*** INPUT DATA Section Begins ***

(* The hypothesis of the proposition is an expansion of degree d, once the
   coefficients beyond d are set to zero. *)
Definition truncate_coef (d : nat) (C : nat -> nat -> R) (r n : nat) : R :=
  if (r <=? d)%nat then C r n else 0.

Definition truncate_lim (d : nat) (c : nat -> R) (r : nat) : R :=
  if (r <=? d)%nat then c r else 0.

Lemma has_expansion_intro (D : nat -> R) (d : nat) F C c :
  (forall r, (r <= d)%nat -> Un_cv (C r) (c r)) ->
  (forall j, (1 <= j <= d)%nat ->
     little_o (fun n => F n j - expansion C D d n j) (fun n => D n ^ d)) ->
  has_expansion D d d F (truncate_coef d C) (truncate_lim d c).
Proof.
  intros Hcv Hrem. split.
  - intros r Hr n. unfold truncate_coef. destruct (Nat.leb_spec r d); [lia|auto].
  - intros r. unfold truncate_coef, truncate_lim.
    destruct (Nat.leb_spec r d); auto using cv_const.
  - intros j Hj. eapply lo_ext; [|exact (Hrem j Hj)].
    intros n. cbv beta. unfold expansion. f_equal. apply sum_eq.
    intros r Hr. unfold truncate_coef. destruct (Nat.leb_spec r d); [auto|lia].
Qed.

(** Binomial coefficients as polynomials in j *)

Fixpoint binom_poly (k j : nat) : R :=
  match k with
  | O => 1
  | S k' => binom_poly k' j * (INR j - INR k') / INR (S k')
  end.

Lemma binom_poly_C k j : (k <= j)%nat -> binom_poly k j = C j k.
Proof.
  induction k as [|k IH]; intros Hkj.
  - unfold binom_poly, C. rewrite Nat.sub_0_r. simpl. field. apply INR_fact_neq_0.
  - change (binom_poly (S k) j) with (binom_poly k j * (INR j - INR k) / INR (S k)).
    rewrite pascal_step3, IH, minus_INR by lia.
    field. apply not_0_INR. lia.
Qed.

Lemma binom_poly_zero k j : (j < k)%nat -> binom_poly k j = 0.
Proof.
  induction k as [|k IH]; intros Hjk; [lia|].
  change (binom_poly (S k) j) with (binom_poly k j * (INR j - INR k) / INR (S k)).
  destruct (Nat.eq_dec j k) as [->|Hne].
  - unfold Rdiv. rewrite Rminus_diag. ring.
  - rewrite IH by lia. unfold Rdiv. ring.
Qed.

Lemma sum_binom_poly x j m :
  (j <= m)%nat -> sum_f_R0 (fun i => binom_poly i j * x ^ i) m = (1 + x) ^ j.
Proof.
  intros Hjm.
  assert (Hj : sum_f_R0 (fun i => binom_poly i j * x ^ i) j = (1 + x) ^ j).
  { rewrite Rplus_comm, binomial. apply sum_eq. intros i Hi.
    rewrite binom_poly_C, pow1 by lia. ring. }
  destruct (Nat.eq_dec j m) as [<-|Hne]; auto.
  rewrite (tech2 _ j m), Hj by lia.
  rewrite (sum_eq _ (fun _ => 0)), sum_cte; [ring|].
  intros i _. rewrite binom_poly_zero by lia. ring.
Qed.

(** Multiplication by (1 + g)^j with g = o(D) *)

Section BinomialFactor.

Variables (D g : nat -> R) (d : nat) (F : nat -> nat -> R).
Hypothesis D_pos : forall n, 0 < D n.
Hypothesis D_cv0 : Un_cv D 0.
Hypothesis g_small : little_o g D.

*** INPUT DATA Section Ends ***

> _PROBLEM TO WORK ON_
Where a line of the records includes "with", copy it.

> _SOLVED EXERCISE_
  match k with
  - change (binom_poly (S k) j) with (binom_poly k j * (INR j - INR k) / INR (S k)).
  change (binom_poly (S k) j) with (binom_poly k j * (INR j - INR k) / INR (S k)).
(** Multiplication by (1 + g)^j with g = o(D) *)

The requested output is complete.